WHAT IS EXPECTED
Below are the records; print them all without any alteration.

[Collected data entries]
####

Lemma alt_sort3 (R : realFieldType) (f : nat -> nat -> nat -> R) :
  (forall i j k, f j i k = - f i j k /\ f i k j = - f i j k) ->
  forall i j k, f i j k = (sort3 i j k).1%:~R *
    f (sort3 i j k).2.1.1 (sort3 i j k).2.1.2 (sort3 i j k).2.2.
Proof.
move=> f_alt i j k.
have f12 a b c : f b a c = - f a b c by case: (f_alt a b c).
have f23 a b c : f a c b = - f a b c by case: (f_alt a b c).
have f_aac a c : f a a c = 0 by have := f12 a a c; lra.
have f_acc a c : f a c c = 0 by have := f23 a c c; lra.
have f_aca a c : f a c a = 0 by rewrite f23 f_aac oppr0.
rewrite /sort3; case: eqP => [->|_]; first by rewrite f_aac mul0r.
case: eqP => [->|_]; first by rewrite f_acc mul0r.
case: eqP => [->|_]; first by rewrite f_aca mul0r.
have cyc a b c : f b c a = f a b c by rewrite f23 f12 opprK.
have sgN1 x : (-1)%:~R * x = - x by rewrite mulrN1z mulN1r.
rewrite /=; case: (ltnP i j) => _ /=.
  case: (ltnP j k) => _ /=; first by rewrite mul1r.
  case: (ltnP i k) => _ /=; last by rewrite cyc mul1r.
  by rewrite sgN1 (f23 i k j).
case: (ltnP i k) => _ /=; first by rewrite sgN1 (f12 j i k).
case: (ltnP j k) => _ /=; first by rewrite (cyc i j k) mul1r.
by rewrite sgN1 (f12 j k i) opprK (cyc i j k).
Qed.

Definition tvar_norm (v : nat) : int * nat :=
  if (16 <= v < 528)%N then
    let c := (v - 16)%N in let s := sort3 (c %/ 64) (c %/ 8 %% 8) (c %% 8) in
    (s.1, tvar s.2.1.1 s.2.1.2 s.2.2)
  else (1, v).

Lemma coef_env_tvar_norm (R : realType) (X Y : vec8 R) (T : form3 R) (F : form4 R) :
  alternating3 T ->
  forall v, coef_env X Y T F v = (tvar_norm v).1%:~R * coef_env X Y T F (tvar_norm v).2.
Proof.
move=> T_alt v; rewrite /tvar_norm; case: ifP => [/andP [v16 v528]|_]; last by rewrite mul1r.
set c := (v - 16)%N.
have [i8 j8 k8] : [/\ (c %/ 64 < 8)%N, (c %/ 8 %% 8 < 8)%N & (c %% 8 < 8)%N] by split; lia.
have [s1 s2 s3] := sort3_lt8 i8 j8 k8.
have -> : coef_env X Y T F v = T (inord (c %/ 64)) (inord (c %/ 8 %% 8)) (inord (c %% 8)).
  rewrite /coef_env v528; have [-> ->] : (v < 8)%N = false /\ (v < 16)%N = false by split; lia.
  by [].
rewrite /= coef_env_tvar //.
have := @alt_sort3 R (fun i j k => T (inord i) (inord j) (inord k)).
by apply=> i j k; apply: T_alt.
Qed.

Definition var_id (v : nat) : int * nat := (1, v).

Lemma env_var_id (R : realType) (env : nat -> R) v : env v = (var_id v).1%:~R * env (var_id v).2.
Proof. by rewrite mul1r. Qed.

(** * Clifford identities *)

Definition wedge13 (R : realType) (X : vec8 R) (T : form3 R) : form4 R :=
  fun i j k l => X i * T j k l - X j * T i k l + X k * T i j l - X l * T i j k.

(* For distinct a b c d, e_a e_b e_c e_d = ±e_w with w increasing; the sign is
   chosen so that vol·e_{w^c} equals the returned sign times e_{abcd}. *)
Definition hodge_index (a b c d : nat) : int * seq nat :=
  let w := word_sort [:: a; b; c; d] in
  if size w.2 == 4 then
    let cw := [seq x <- iota 0 8 | x \notin w.2] in
    ((-1) ^+ w.1 * (-1) ^+ (word_sort (iota 0 8 ++ cw)).1, cw)
  else (0, [:: 0; 0; 0; 0]%N).

Definition hodge4 (R : realType) (F : form4 R) : form4 R :=
  fun i j k l => let h := hodge_index i j k l in
  h.1%:~R * F (inord (nth 0 h.2 0)) (inord (nth 0 h.2 1)) (inord (nth 0 h.2 2))
              (inord (nth 0 h.2 3)).

Definition vec_terms (o : nat) : seq cterm :=
  [seq (x, [:: val i]) | i <- ord8, x <- [:: (1%:Z, [:: o + val i])]].

Definition form3_terms : seq cterm :=
  [seq (x, [:: val p.1.1; val p.1.2; val p.2]) | p : 'I_8 * 'I_8 * 'I_8 <- triples8,
     x <- [:: (1%:Z, [:: tvar p.1.1 p.1.2 p.2])]].

Lemma monom_val1 (R : realType) (env : nat -> R) v : monom_val env (1, [:: v]) = env v.
Proof. by rewrite /monom_val big_seq1 mul1r. Qed.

####

PROBLEM SOLUTION
Lemma alt_sort3 (R : realFieldType) (f : nat -> nat -> nat -> R) :
  (forall i j k, f j i k = - f i j k /\ f i k j = - f i j k) ->
  forall i j k, f i j k = (sort3 i j k).1%:~R *
    f (sort3 i j k).2.1.1 (sort3 i j k).2.1.2 (sort3 i j k).2.2.
Proof.
move=> f_alt i j k.
have f12 a b c : f b a c = - f a b c by case: (f_alt a b c).
have f23 a b c : f a c b = - f a b c by case: (f_alt a b c).
have f_aac a c : f a a c = 0 by have := f12 a a c; lra.
have f_acc a c : f a c c = 0 by have := f23 a c c; lra.
have f_aca a c : f a c a = 0 by rewrite f23 f_aac oppr0.
rewrite /sort3; case: eqP => [->|_]; first by rewrite f_aac mul0r.
case: eqP => [->|_]; first by rewrite f_acc mul0r.
case: eqP => [->|_]; first by rewrite f_aca mul0r.
have cyc a b c : f b c a = f a b c by rewrite f23 f12 opprK.
have sgN1 x : (-1)%:~R * x = - x by rewrite mulrN1z mulN1r.
rewrite /=; case: (ltnP i j) => _ /=.
  case: (ltnP j k) => _ /=; first by rewrite mul1r.
  case: (ltnP i k) => _ /=; last by rewrite cyc mul1r.
  by rewrite sgN1 (f23 i k j).
case: (ltnP i k) => _ /=; first by rewrite sgN1 (f12 j i k).
case: (ltnP j k) => _ /=; first by rewrite (cyc i j k) mul1r.
by rewrite sgN1 (f12 j k i) opprK (cyc i j k).
Qed.

Definition tvar_norm (v : nat) : int * nat :=
  if (16 <= v < 528)%N then
    let c := (v - 16)%N in let s := sort3 (c %/ 64) (c %/ 8 %% 8) (c %% 8) in
    (s.1, tvar s.2.1.1 s.2.1.2 s.2.2)
  else (1, v).

Lemma coef_env_tvar_norm (R : realType) (X Y : vec8 R) (T : form3 R) (F : form4 R) :
  alternating3 T ->
  forall v, coef_env X Y T F v = (tvar_norm v).1%:~R * coef_env X Y T F (tvar_norm v).2.
Proof.
move=> T_alt v; rewrite /tvar_norm; case: ifP => [/andP [v16 v528]|_]; last by rewrite mul1r.
set c := (v - 16)%N.
have [i8 j8 k8] : [/\ (c %/ 64 < 8)%N, (c %/ 8 %% 8 < 8)%N & (c %% 8 < 8)%N] by split; lia.
have [s1 s2 s3] := sort3_lt8 i8 j8 k8.
have -> : coef_env X Y T F v = T (inord (c %/ 64)) (inord (c %/ 8 %% 8)) (inord (c %% 8)).
  rewrite /coef_env v528; have [-> ->] : (v < 8)%N = false /\ (v < 16)%N = false by split; lia.
  by [].
rewrite /= coef_env_tvar //.
have := @alt_sort3 R (fun i j k => T (inord i) (inord j) (inord k)).
by apply=> i j k; apply: T_alt.
Qed.

Definition var_id (v : nat) : int * nat := (1, v).

Lemma env_var_id (R : realType) (env : nat -> R) v : env v = (var_id v).1%:~R * env (var_id v).2.
Proof. by rewrite mul1r. Qed.

(** * Clifford identities *)

Definition wedge13 (R : realType) (X : vec8 R) (T : form3 R) : form4 R :=
  fun i j k l => X i * T j k l - X j * T i k l + X k * T i j l - X l * T i j k.

(* For distinct a b c d, e_a e_b e_c e_d = ±e_w with w increasing; the sign is
   chosen so that vol·e_{w^c} equals the returned sign times e_{abcd}. *)
Definition hodge_index (a b c d : nat) : int * seq nat :=
  let w := word_sort [:: a; b; c; d] in
  if size w.2 == 4 then
    let cw := [seq x <- iota 0 8 | x \notin w.2] in
    ((-1) ^+ w.1 * (-1) ^+ (word_sort (iota 0 8 ++ cw)).1, cw)
  else (0, [:: 0; 0; 0; 0]%N).

Definition hodge4 (R : realType) (F : form4 R) : form4 R :=
  fun i j k l => let h := hodge_index i j k l in
  h.1%:~R * F (inord (nth 0 h.2 0)) (inord (nth 0 h.2 1)) (inord (nth 0 h.2 2))
              (inord (nth 0 h.2 3)).

Definition vec_terms (o : nat) : seq cterm :=
  [seq (x, [:: val i]) | i <- ord8, x <- [:: (1%:Z, [:: o + val i])]].

Definition form3_terms : seq cterm :=
  [seq (x, [:: val p.1.1; val p.1.2; val p.2]) | p : 'I_8 * 'I_8 * 'I_8 <- triples8,
     x <- [:: (1%:Z, [:: tvar p.1.1 p.1.2 p.2])]].

Lemma monom_val1 (R : realType) (env : nat -> R) v : monom_val env (1, [:: v]) = env v.
Proof. by rewrite /monom_val big_seq1 mul1r. Qed.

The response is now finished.